# [Information]
■ ■ ■ ■ ■

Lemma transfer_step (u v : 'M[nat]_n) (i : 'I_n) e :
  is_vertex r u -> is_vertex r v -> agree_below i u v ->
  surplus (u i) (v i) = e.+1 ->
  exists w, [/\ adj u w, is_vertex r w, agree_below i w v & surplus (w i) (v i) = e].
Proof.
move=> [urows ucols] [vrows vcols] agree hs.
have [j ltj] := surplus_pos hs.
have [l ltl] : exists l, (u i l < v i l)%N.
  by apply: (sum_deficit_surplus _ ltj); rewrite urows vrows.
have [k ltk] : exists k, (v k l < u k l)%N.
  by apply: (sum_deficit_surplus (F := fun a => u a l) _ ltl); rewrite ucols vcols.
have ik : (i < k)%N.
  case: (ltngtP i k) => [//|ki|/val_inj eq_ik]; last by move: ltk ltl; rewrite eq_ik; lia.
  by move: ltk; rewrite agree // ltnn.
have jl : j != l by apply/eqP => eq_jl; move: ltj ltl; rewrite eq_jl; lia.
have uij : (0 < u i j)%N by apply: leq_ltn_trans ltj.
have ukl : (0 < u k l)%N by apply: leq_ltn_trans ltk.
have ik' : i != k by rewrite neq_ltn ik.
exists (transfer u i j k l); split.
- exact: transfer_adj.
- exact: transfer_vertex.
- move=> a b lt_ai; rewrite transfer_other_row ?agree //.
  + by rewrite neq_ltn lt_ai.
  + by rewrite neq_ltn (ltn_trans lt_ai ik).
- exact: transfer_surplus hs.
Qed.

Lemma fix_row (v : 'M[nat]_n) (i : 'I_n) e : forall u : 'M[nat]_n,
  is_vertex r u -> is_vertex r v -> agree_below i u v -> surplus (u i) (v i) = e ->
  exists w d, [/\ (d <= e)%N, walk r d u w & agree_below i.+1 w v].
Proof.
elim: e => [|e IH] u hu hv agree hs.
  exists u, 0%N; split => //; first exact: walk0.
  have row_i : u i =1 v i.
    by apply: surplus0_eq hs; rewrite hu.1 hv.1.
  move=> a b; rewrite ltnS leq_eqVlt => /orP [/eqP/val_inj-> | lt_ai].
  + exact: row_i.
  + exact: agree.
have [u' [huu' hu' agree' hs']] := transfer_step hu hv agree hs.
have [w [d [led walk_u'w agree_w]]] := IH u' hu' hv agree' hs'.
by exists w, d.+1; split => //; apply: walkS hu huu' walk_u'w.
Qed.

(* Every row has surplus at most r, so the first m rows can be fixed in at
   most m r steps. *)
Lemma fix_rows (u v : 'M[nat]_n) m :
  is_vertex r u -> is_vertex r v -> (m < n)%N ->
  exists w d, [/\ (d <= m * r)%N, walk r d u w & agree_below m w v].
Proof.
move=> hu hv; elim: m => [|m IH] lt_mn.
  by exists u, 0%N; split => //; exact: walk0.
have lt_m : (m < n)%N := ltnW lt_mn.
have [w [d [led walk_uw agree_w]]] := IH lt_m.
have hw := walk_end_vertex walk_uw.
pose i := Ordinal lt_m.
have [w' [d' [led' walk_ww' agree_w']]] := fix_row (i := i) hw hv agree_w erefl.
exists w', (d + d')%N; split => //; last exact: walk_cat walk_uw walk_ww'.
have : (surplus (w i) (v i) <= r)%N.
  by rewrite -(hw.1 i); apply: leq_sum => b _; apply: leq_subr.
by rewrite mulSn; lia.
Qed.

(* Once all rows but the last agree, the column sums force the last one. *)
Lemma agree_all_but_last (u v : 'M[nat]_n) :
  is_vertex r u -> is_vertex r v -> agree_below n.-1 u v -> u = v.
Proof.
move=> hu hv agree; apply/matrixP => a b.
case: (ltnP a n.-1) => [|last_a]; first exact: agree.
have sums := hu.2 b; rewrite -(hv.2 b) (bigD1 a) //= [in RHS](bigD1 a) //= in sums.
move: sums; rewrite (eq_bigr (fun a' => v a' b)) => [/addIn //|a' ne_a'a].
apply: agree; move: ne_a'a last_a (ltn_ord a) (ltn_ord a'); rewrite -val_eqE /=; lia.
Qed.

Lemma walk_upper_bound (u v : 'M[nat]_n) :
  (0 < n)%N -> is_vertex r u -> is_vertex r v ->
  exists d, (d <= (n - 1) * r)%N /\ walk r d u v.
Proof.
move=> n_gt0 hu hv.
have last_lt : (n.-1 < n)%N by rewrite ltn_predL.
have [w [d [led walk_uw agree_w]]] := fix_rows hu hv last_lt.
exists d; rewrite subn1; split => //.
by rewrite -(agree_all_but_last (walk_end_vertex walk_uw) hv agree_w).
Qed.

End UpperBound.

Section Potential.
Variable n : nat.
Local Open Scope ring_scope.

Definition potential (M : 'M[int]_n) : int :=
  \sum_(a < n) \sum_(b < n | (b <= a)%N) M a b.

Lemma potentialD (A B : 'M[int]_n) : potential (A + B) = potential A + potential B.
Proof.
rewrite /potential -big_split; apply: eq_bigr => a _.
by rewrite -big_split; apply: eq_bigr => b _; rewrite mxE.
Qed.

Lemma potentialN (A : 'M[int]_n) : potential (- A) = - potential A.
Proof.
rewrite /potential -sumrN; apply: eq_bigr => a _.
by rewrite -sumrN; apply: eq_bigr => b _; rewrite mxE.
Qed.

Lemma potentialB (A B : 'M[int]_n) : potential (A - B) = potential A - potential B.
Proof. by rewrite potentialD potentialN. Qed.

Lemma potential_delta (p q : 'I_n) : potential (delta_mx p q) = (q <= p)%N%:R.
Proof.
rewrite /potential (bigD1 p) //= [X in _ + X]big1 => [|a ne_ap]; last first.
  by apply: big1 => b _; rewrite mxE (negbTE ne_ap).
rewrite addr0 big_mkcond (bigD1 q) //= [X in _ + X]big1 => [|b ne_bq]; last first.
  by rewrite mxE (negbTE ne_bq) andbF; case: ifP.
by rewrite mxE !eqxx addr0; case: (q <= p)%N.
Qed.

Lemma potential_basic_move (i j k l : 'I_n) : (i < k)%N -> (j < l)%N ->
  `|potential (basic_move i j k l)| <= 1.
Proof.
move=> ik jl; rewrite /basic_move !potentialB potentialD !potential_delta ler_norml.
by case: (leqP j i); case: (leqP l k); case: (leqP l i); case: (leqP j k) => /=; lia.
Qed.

■ ■ ■ ■ ■

# [Assignment]
Once the line with "have row_i : u i =1 v i." is found in the records above, print exactly that line and every line after it through the line with "by rewrite -(hw.1".

# [Solution to this problem]
  have row_i : u i =1 v i.
    by apply: surplus0_eq hs; rewrite hu.1 hv.1.
  move=> a b; rewrite ltnS leq_eqVlt => /orP [/eqP/val_inj-> | lt_ai].
  + exact: row_i.
  + exact: agree.
have [u' [huu' hu' agree' hs']] := transfer_step hu hv agree hs.
have [w [d [led walk_u'w agree_w]]] := IH u' hu' hv agree' hs'.
by exists w, d.+1; split => //; apply: walkS hu huu' walk_u'w.
Qed.

(* Every row has surplus at most r, so the first m rows can be fixed in at
   most m r steps. *)
Lemma fix_rows (u v : 'M[nat]_n) m :
  is_vertex r u -> is_vertex r v -> (m < n)%N ->
  exists w d, [/\ (d <= m * r)%N, walk r d u w & agree_below m w v].
Proof.
move=> hu hv; elim: m => [|m IH] lt_mn.
  by exists u, 0%N; split => //; exact: walk0.
have lt_m : (m < n)%N := ltnW lt_mn.
have [w [d [led walk_uw agree_w]]] := IH lt_m.
have hw := walk_end_vertex walk_uw.
pose i := Ordinal lt_m.
have [w' [d' [led' walk_ww' agree_w']]] := fix_row (i := i) hw hv agree_w erefl.
exists w', (d + d')%N; split => //; last exact: walk_cat walk_uw walk_ww'.
have : (surplus (w i) (v i) <= r)%N.
  by rewrite -(hw.1 i); apply: leq_sum => b _; apply: leq_subr.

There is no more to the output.